(* Let $(X,d)$ be a compact metric space and $f:X\to X$ a continuous map. Then $$\mathcal{E}(f_{\mathcal{K}})=h_{top}(f).$$
   Context: $h_{top}(f)$ is the topological entropy of $f$. For $n\in\mathbb{N}$, $d_n(x,y)=\max_{0\le i\le n-1} d(f^ix,f^iy)$. $\mathcal K(X)$ is the space of nonempty closed subsets of $X$ with the Hausdorff metric, and $f_{\mathcal K}(B)=f(B)$. For $A\subset X$ let $A^\varepsilon_n=\{x\in X: d_n(x,A)<\varepsilon\}$, and for $B,C\in\mathcal K(X)$ let $H^n(B,C)=\inf\{\varepsilon>0: B\subset C^\varepsilon_n \text{ and } C\subset B^\varepsilon_n\}$. For nonempty $\mathcal Z\subset\mathcal K(X)$, $N_{\mathcal K}(\mathcal Z,n,\varepsilon)$ is the smallest cardinality of a set $\mathcal G\subset\mathcal K(X)$ such that every $B\in\mathcal Z$ has some $C\in\mathcal G$ with $H^n(B,C)\le\varepsilon$. The entropy order is $\mathcal E(f_{\mathcal K},\mathcal Z)=\lim_{\varepsilon\to0}\limsup_{n\to\infty}\frac{\log\log N_{\mathcal K}(\mathcal Z,n,\varepsilon)}{n}$ (convention $\log 0=0$), and $\mathcal E(f_{\mathcal K}):=\mathcal E(f_{\mathcal K},\mathcal K(X))$. *)

From Stdlib Require Import Reals List.
From Coquelicot Require Import Coquelicot.
Open Scope R_scope.

Section MetricDefs.
Context {X : Type} (d : X -> X -> R).

Definition is_metric : Prop :=
  (forall x y, 0 <= d x y) /\
  (forall x y, d x y = 0 <-> x = y) /\
  (forall x y, d x y = d y x) /\
  (forall x y z, d x z <= d x y + d y z).

Definition m_open (U : X -> Prop) : Prop :=
  forall x, U x -> exists r, 0 < r /\ forall y, d x y < r -> U y.

Definition m_closed (A : X -> Prop) : Prop := m_open (fun x => ~ A x).

Definition m_compact : Prop :=
  forall (I : Type) (U : I -> X -> Prop),
    (forall i, m_open (U i)) -> (forall x, exists i, U i x) ->
    exists l : list I, forall x, exists i, In i l /\ U i x.

Definition m_continuous (f : X -> X) : Prop :=
  forall x eps, 0 < eps -> exists delta, 0 < delta /\
    forall y, d x y < delta -> d (f x) (f y) < eps.

Variable f : X -> X.

Fixpoint dn (n : nat) (x y : X) : R :=
  match n with
  | O => 0
  | S m => Rmax (dn m x y) (d (Nat.iter m f x) (Nat.iter m f y))
  end.

Definition spanning (n : nat) (eps : R) (G : list X) : Prop :=
  forall x, exists y, In y G /\ dn n x y <= eps.

Definition is_min_span_card (n : nat) (eps : R) (m : nat) : Prop :=
  (exists G, length G = m /\ spanning n eps G) /\
  (forall G, spanning n eps G -> (m <= length G)%nat).

(** h_top(f) = lim_{eps->0} limsup_n (1/n) log N(n,eps) (log 0 = 0 as in Stdlib's ln). *)
Definition is_htop (h : Rbar) : Prop :=
  exists N : nat -> R -> nat,
    (forall n eps, 0 < eps -> is_min_span_card n eps (N n eps)) /\
    filterlim (fun eps => LimSup_seq (fun n => ln (INR (N n eps)) / INR n))
              (at_right 0) (Rbar_locally h).

Definition inK (B : X -> Prop) : Prop := (exists x, B x) /\ m_closed B.

Definition dn_set (n : nat) (x : X) (A : X -> Prop) : Rbar :=
  Glb_Rbar (fun r => exists a, A a /\ r = dn n x a).

Definition nbhd_n (n : nat) (eps : R) (A : X -> Prop) (x : X) : Prop :=
  Rbar_lt (dn_set n x A) eps.

Definition Hn (n : nat) (B C : X -> Prop) : Rbar :=
  Glb_Rbar (fun eps => 0 < eps /\
    (forall x, B x -> nbhd_n n eps C x) /\
    (forall x, C x -> nbhd_n n eps B x)).

Definition K_spanning (Z : (X -> Prop) -> Prop) (n : nat) (eps : R)
    (G : list (X -> Prop)) : Prop :=
  (forall C, In C G -> inK C) /\
  (forall B, Z B -> exists C, In C G /\ Rbar_le (Hn n B C) eps).

Definition is_min_K_card (Z : (X -> Prop) -> Prop) (n : nat) (eps : R) (m : nat)
  : Prop :=
  (exists G, length G = m /\ K_spanning Z n eps G) /\
  (forall G, K_spanning Z n eps G -> (m <= length G)%nat).

Definition is_entropy_order (Z : (X -> Prop) -> Prop) (e : Rbar) : Prop :=
  exists N : nat -> R -> nat,
    (forall n eps, 0 < eps -> is_min_K_card Z n eps (N n eps)) /\
    filterlim (fun eps => LimSup_seq (fun n => ln (ln (INR (N n eps))) / INR n))
              (at_right 0) (Rbar_locally e).

Definition is_entropy_order_K (e : Rbar) : Prop := is_entropy_order inK e.

End MetricDefs.

(** For a compact metric space [X] and a continuous [f : X -> X], let [N n e]
   be the least cardinality of an (n,e)-spanning set of [X] (for the Bowen
   metric [d_n]) and [NK n e] the least cardinality of an (n,e)-spanning
   family of the hyperspace [K(X)] for the distance [H^n].  Two counting
   estimates tie them together:
   - every nonempty subset of an (n,e)-spanning set is a closed set, and these
     subsets form an (n,e)-spanning family of [K(X)], so [1 + NK n e <= 2 ^ N n e];
   - the nonempty subsets of a maximal (n,3e)-separated set (which is itself
     (n,3e)-spanning) are pairwise too far apart to share an [H^n]-center at
     distance [e], so [2 ^ N n (3e) <= 1 + NK n e].
   After taking [log log] and dividing by [n], the second order growth rate of
   [NK] at scale [e] is squeezed between the exponential growth rates of [N] at
   scales [3e] and [e].  These rates are finite ([N n e <= N 1 (e/2) ^ n]) and
   monotone in [e], so both quantities have the same limit as [e -> 0+]. *)

From Stdlib Require Import Reals List Lra Lia Classical ClassicalEpsilon.
From Coquelicot Require Import Coquelicot.
Open Scope R_scope.

(** ** Finite combinatorics *)

Lemma least_witness (P : nat -> Prop) :
  (exists n, P n) -> exists n, P n /\ forall k, P k -> (n <= k)%nat.
Proof.
  intros [n0 Hn0]. apply NNPP; intro Hno.
  assert (Hbelow : forall n k, (k <= n)%nat -> ~ P k).
  { induction n as [|n IH]; intros k Hk Pk.
    - apply Hno; exists k; split; auto; intros; lia.
    - destruct (Nat.eq_dec k (S n)) as [->|Hne]; [|apply (IH k); auto; lia].
      apply Hno; exists (S n); split; auto. intros j Pj.
      destruct (Compare_dec.le_lt_dec (S n) j); auto.
      exfalso; apply (IH j); auto; lia. }
  exact (Hbelow n0 n0 (le_n _) Hn0).
Qed.
Lemma cintegralD f h : ccontinuous f -> ccontinuous h ->
  cintegral mu (fun t => f t + h t) = cintegral mu f + cintegral mu h.
Proof.
move=> [fRe fIm] [hRe hIm]; rewrite /cintegral.
under eq_fun do rewrite complex_ReD.
under [X in Complex _ (Rintegral _ _ X)]eq_fun do rewrite complex_ImD.
by rewrite !RintegralD //; exact: continuous_integrable.
Qed.

Lemma cintegralZl c f : ccontinuous f ->
  cintegral mu (fun t => c * f t) = c * cintegral mu f.
Proof.
move=> [fRe fIm].
have iZ (k : R) g :
    continuous g -> mu.-integrable setT (EFin \o (fun t => k * g t)).
  move=> cg; apply: continuous_integrable => t.
  by apply: cvgM; [exact: cvg_cst | exact: cg].
rewrite /cintegral; case: c => a b.
under eq_fun do rewrite complex_ReM.
under [X in Complex _ (Rintegral _ _ X)]eq_fun do rewrite complex_ImM.
rewrite /= RintegralB ?RintegralD //; try exact: iZ.
by rewrite !RintegralZl //; exact: continuous_integrable.
Qed.

Lemma cintegral_sum (I : Type) (r : seq I) (P : pred I) (F : I -> T -> R[i]) :
  (forall i, ccontinuous (F i)) ->
  cintegral mu (fun t => \sum_(i <- r | P i) F i t) =
  \sum_(i <- r | P i) cintegral mu (F i).
Proof.
move=> cF; elim: r => [|j r IHr].
  by under eq_fun do rewrite big_nil; rewrite cintegral_cst big_nil.
under eq_fun do rewrite big_cons; rewrite big_cons -IHr.
by case: (P j) => //; rewrite cintegralD //; exact: ccontinuous_sum.
Qed.

Lemma cintegral_sesquilinear (I J : finType) (a : I -> R[i]) (b : J -> R[i])
    (u : I -> T -> R[i]) (v : J -> T -> R[i]) :
  (forall i, ccontinuous (u i)) -> (forall j, ccontinuous (v j)) ->
  cintegral mu (fun t => (\sum_i a i * u i t) * conjc (\sum_j b j * v j t)) =
  \sum_i \sum_j
    a i * conjc (b j) * cintegral mu (fun t => u i t * conjc (v j t)).
Proof.
move=> cu cv; have cuv i j : ccontinuous (fun t => u i t * conjc (v j t)).
  by apply: ccontinuousM; [exact: cu | exact/ccontinuous_conj/cv].
have cuv' i j :
    ccontinuous (fun t => a i * conjc (b j) * (u i t * conjc (v j t))).
  by apply: ccontinuousM; [exact: ccontinuous_cst | exact: cuv].
transitivity (cintegral mu (fun t =>
    \sum_i \sum_j a i * conjc (b j) * (u i t * conjc (v j t)))).
  congr cintegral; apply/funext => t; rewrite rmorph_sum mulr_suml.
  apply: eq_bigr => i _; rewrite mulr_sumr; apply: eq_bigr => j _.
  by rewrite rmorphM mulrACA.
rewrite cintegral_sum => [|i]; last exact: ccontinuous_sum.
apply: eq_bigr => i _; rewrite cintegral_sum //.
by apply: eq_bigr => j _; rewrite cintegralZl.
Qed.

Lemma cintegral_comp_preserving (phi : T -> T) (h : T -> R[i]) :
  continuous phi ->
  (forall A : set (Borel T), measurable A -> mu (phi @^-1` A) = mu A) ->
  ccontinuous h -> cintegral mu (fun t => h (phi t)) = cintegral mu h.
Proof.
move=> cphi phi_mu [hRe hIm]; rewrite /cintegral.
by rewrite -(Rintegral_comp_preserving cphi phi_mu hRe)
  -(Rintegral_comp_preserving cphi phi_mu hIm).
Qed.

End CompactIntegral.

Section SchurOrthogonality.
Variables (R : realType) (G : ptopologicalType).
Variables (mul : G -> G -> G) (inv : G -> G) (one : G).
Hypothesis HG : is_compact_group mul inv one.
Variable mu : probability (Borel G) R.
Hypothesis Hmu : is_normalized_haar mul mu.

Let compactG : compact [set: G].
Proof. by have [_ [_ [_ [_ [_ [_ ?]]]]]] := HG. Qed.

Lemma continuous_mull a : continuous (mul a).
Proof.
have [_ [_ [_ [cmul _]]]] := HG; move=> g.
apply: (@continuous_comp _ _ _ (fun h => (a, h)) (fun p => mul p.1 p.2)).
  by apply: cvg_pair => //=; exact: cvg_cst.
exact: cmul.
Qed.

Lemma haar_preimage_mull a (A : set (Borel G)) :
  measurable A -> mu (mul a @^-1` A) = mu A.
Proof.
have [mulA [mul1 [mulV _]]] := HG; move=> mA; rewrite -(proj1 Hmu (inv a) A mA).
congr (mu _); apply/seteqP; split => [g /= Aag | g Ag /=].
  by exists (mul a g) => //; rewrite mulA (proj1 (mulV a)) (proj1 (mul1 g)).
by case: Ag => h Ah <-; rewrite mulA (proj2 (mulV a)) (proj1 (mul1 h)).
Qed.

Lemma cintegral_mull a h : ccontinuous h ->
  cintegral mu (fun g => h (mul a g)) = cintegral mu h.
Proof.
apply: cintegral_comp_preserving => //.
  exact: continuous_mull.
exact: haar_preimage_mull.
Qed.

Lemma unitary_rep_ccontinuous n (s : G -> 'M[R[i]]_n) :
  is_unitary_rep mul one s -> forall i j, ccontinuous (fun g => s g i j).
Proof. by case=> _ _ _ cs i j; split; case: (cs i j). Qed.

Lemma unitary_rep_adjK n (s : G -> 'M[R[i]]_n) g :
  is_unitary_rep mul one s -> adjmx (s g) *m s g = 1%:M.
Proof. by case=> _ _ us _; apply: mulmx1C; exact: us. Qed.

Section Average.
Variables (n1 n2 : nat) (s1 : G -> 'M[R[i]]_n1) (s2 : G -> 'M[R[i]]_n2).
Hypothesis s1_rep : is_unitary_rep mul one s1.
Hypothesis s2_rep : is_unitary_rep mul one s2.
Variables (k1 : 'I_n1) (k2 : 'I_n2).

(* The matrix \int_G s1(g) E_(k1,k2) s2(g)^* dg, which intertwines s1 and s2
   by left invariance of mu. *)
Definition schur_average : 'M[R[i]]_(n1, n2) :=
  \matrix_(j1, j2) cintegral mu (fun g => s1 g j1 k1 * conjc (s2 g j2 k2)).

Lemma schur_average_intertwines h :
  s1 h *m schur_average = schur_average *m s2 h.
Proof.
have cs1 := unitary_rep_ccontinuous s1_rep.
have cs2 := unitary_rep_ccontinuous s2_rep.
suff avgK : s1 h *m schur_average *m adjmx (s2 h) = schur_average.
  by rewrite -[in RHS]avgK -mulmxA unitary_rep_adjK // mulmx1.
apply/matrixP => j1 j2; rewrite mxE [RHS]mxE -(cintegral_mull h); last first.
  by apply: ccontinuousM; [exact: cs1 | exact/ccontinuous_conj/cs2].
have [s1M _ _ _] := s1_rep; have [s2M _ _ _] := s2_rep.
under [X in _ = cintegral _ X]eq_fun do rewrite s1M s2M !mxE.
rewrite cintegral_sesquilinear // exchange_big; apply: eq_bigr => b _.
rewrite !mxE mulr_suml; apply: eq_bigr => a _.
by rewrite !mxE mulrAC.
Qed.

End Average.

Lemma schur_average_trace n (s : G -> 'M[R[i]]_n) (k k' : 'I_n) :
  is_unitary_rep mul one s -> \tr (schur_average s s k k') = (k' == k)%:R.
Proof.
move=> s_rep; have cs := unitary_rep_ccontinuous s_rep.
rewrite /mxtrace; under eq_bigr do rewrite mxE.
rewrite -cintegral_sum // => [|j]; last first.
  by apply: ccontinuousM; [exact: cs | exact/ccontinuous_conj/cs].
rewrite -[RHS](cintegral_cst mu); congr cintegral; apply/funext => g.
have /matrixP/(_ k' k) := unitary_rep_adjK g s_rep; rewrite !mxE => <-.
by apply: eq_bigr => j _; rewrite !mxE mulrC.
Qed.

Lemma schur_orthogonality n (s : G -> 'M[R[i]]_n) j j' k k' :
  is_unitary_rep mul one s -> is_irreducible s ->
  cintegral mu (fun g => s g j k * conjc (s g j' k')) =
  (j == j')%:R * (k == k')%:R / n%:R.
Proof.
move=> s_rep s_irr; have n_neq0 : n%:R != 0 :> R[i].
  by rewrite pnatr_eq0 -lt0n; case: s_irr.
have [c avg_c] := irreducible_commutant_scalar s_irr
  (schur_average_intertwines s_rep s_rep k k').
have cE : c = (k == k')%:R / n%:R.
  have := schur_average_trace k k' s_rep.
  rewrite avg_c mxtrace_scalar -[c *+ n]mulr_natr eq_sym => <-.
  by rewrite mulfK.
have /matrixP/(_ j j') := avg_c; rewrite !mxE => ->; rewrite cE.
by case: (j == j'); rewrite ?mulr1n ?mul1r ?mulr0n ?mul0r.
Qed.

Lemma schur_orthogonality_noniso n1 n2 (s1 : G -> 'M[R[i]]_n1)
    (s2 : G -> 'M[R[i]]_n2) j j' k k' :
  is_unitary_rep mul one s1 -> is_unitary_rep mul one s2 ->
  is_irreducible s1 -> is_irreducible s2 -> ~ rep_iso s1 s2 ->
  cintegral mu (fun g => s1 g j k * conjc (s2 g j' k')) = 0.
Proof.
move=> s1_rep s2_rep s1_irr s2_irr noniso.
have := intertwiner_noniso_eq0 s1_irr s2_irr noniso
  (schur_average_intertwines s1_rep s2_rep k k').
by move=> /matrixP/(_ j j'); rewrite !mxE.
Qed.

End SchurOrthogonality.

Section Coordinates.
Variables (R : realType) (G : ptopologicalType).
Variables (mul : G -> G -> G) (inv : G -> G) (one : G).
Hypothesis HG : is_compact_group mul inv one.
Variable mu : probability (Borel G) R.
Hypothesis Hmu : is_normalized_haar mul mu.
Variables (n : nat) (rho : G -> 'M[R[i]]_n).
Hypothesis Hrho : is_unitary_rep mul one rho.
Variables (L : nat) (N Rm : 'I_L -> nat).
Variable sigma : forall l : 'I_L, G -> 'M[R[i]]_(N l).
Hypothesis Hsigma :
  forall l, is_unitary_rep mul one (sigma l) /\ is_irreducible (sigma l).
Hypothesis Hnoniso :
  forall l l' : 'I_L, l != l' -> ~ rep_iso (sigma l) (sigma l').
Variable Phi : cidx N Rm -> 'I_n -> R[i].
Hypothesis HPhi : unitary_coords Phi.
Hypothesis HPhieq : equivariant_coords rho sigma Phi.
Lemma gain_nonpos_somewhere (J : {set {set 'I_n}}) (s : {set 'I_n} -> R) :
  J \subset familyF n -> J != set0 ->
  exists w, [exists j in J, condH H j w] /\ gain J s w <= 0.
Proof.
move=> JF J0.
move: x_ge_TL; rewrite /TL ge_max => /andP [x_ge_sum x_ge0].
have x_le : forall i, x setT <= x [set i] := proj1 (le_TM _ _ n_gt0) x_le_TM.
have u_bnd i : 0 <= 1 - x [set i] <= 1 - x setT.
  by have := x_set1_unit i; have := x_le i; move=> ? /andP [? ?]; apply/andP; split; lra.
have c_le_sum : 1 - x setT <= \sum_i (1 - x [set i]).
  by rewrite sumrB sumr_const card_ord; lra.
have [Z Z0 mixture_le0] := exists_nonpos_selection (set1_stake J s) n_gt0 u_bnd c_le_sum.
have [w1 w1_all] := indep (fun _ => true) (fun _ => true).
have [wZ wZ_all] := indep (fun i => i \notin Z) (fun _ => true).
have all_H1 i : H i w1 by case: (w1_all i).
have all_HZ i : H i wZ by case: (wZ_all i).
have mixture_eq := gain_mixture s JF Z0 w1_all wZ_all.
have x_le1 : x setT <= 1.
  by have := x_le (Ordinal n_gt0); have /andP [_ ?] := x_set1_unit (Ordinal n_gt0); lra.
case: (lerP (gain J s w1) 0) => [G1 | G1]; first by exists w1; rewrite cond_allH.
case: (lerP (gain J s wZ) 0) => [GZ | GZ]; first by exists wZ; rewrite cond_allH.
by exfalso; move: mixture_le0; rewrite -mixture_eq; nra.
Qed.

Lemma frechet_coherent : coherent_on (familyF n) (conjRQ E H x) (condH H) x.
Proof.
apply/coherent_gain => J s JF [w0 /existsP [j0 /andP [j0J _]]].
have J0 : J != set0 by apply/set0Pn; exists j0.
split; first exact: gain_nonpos_somewhere.
have [w [cond_w G_le0]] := gain_nonpos_somewhere (fun j => - s j) JF J0.
exists w; split => //; rewrite -oppr_le0 /gain -sumrN.
by under eq_bigr => j _ do rewrite -!mulNr.
Qed.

- [INSTRUCTIONS TO FOLLOW]
Report each line in the data above that holds the word "Variables" by copying it.

- [RESULT BELOW]
Variables (R : realType) (G : ptopologicalType).
Variables (mul : G -> G -> G) (inv : G -> G) (one : G).
Variables (n1 n2 : nat) (s1 : G -> 'M[R[i]]_n1) (s2 : G -> 'M[R[i]]_n2).
Variables (k1 : 'I_n1) (k2 : 'I_n2).
Variables (R : realType) (G : ptopologicalType).
Variables (mul : G -> G -> G) (inv : G -> G) (one : G).
Variables (n : nat) (rho : G -> 'M[R[i]]_n).
Variables (L : nat) (N Rm : 'I_L -> nat).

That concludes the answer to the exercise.